| TASK TO CARRY OUT |
Find the number of lines in these records where the word "forall" appears. Reply with that number and nothing more.

| SUPPLIED DATA |
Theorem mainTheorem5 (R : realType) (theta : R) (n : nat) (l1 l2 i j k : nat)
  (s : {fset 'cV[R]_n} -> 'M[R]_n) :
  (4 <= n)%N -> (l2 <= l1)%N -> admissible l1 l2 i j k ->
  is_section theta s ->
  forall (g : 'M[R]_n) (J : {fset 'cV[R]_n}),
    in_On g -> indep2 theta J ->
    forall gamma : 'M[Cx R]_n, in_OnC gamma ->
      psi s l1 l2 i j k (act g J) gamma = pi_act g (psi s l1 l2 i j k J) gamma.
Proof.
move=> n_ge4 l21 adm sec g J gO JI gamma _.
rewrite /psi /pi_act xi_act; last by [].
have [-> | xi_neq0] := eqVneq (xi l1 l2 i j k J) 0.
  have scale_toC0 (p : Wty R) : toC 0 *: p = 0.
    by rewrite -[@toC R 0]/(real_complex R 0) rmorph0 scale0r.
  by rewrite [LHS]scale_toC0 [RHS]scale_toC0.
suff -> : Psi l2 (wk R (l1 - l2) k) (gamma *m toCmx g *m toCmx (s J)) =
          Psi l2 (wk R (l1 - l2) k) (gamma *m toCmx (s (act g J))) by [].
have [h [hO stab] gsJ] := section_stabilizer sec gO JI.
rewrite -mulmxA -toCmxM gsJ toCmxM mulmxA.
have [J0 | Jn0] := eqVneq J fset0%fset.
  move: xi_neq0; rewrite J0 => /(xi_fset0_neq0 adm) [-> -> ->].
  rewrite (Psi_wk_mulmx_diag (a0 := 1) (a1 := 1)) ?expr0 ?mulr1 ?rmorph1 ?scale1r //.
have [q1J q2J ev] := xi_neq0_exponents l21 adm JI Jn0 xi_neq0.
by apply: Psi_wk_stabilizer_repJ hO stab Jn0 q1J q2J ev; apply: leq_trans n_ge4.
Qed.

---

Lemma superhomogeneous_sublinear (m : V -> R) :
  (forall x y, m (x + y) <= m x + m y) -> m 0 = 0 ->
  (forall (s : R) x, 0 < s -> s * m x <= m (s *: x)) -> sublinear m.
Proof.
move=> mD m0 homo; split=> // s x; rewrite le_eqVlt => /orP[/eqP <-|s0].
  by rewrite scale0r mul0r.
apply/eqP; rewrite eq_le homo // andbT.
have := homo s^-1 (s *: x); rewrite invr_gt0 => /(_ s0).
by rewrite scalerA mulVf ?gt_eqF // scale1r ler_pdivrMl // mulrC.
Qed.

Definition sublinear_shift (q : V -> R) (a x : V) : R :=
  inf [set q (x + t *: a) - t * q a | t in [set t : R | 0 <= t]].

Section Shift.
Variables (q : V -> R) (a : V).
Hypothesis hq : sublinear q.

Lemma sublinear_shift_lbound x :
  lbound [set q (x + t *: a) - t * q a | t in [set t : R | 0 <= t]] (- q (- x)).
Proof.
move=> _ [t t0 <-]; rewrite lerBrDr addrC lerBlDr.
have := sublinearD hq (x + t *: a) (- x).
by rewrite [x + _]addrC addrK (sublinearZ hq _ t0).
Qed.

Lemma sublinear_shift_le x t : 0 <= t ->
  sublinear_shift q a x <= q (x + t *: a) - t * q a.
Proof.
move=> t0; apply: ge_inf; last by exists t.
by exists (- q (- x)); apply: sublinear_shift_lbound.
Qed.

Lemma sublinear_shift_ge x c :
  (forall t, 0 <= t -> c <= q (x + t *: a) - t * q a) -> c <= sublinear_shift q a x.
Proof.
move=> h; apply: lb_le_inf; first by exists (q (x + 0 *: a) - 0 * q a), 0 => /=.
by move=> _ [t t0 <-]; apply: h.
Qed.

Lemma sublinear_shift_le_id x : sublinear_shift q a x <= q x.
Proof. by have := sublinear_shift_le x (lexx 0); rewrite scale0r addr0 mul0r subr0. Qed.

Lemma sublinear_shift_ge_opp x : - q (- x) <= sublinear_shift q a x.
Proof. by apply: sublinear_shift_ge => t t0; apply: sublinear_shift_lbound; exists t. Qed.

| ANSWER BELOW |
5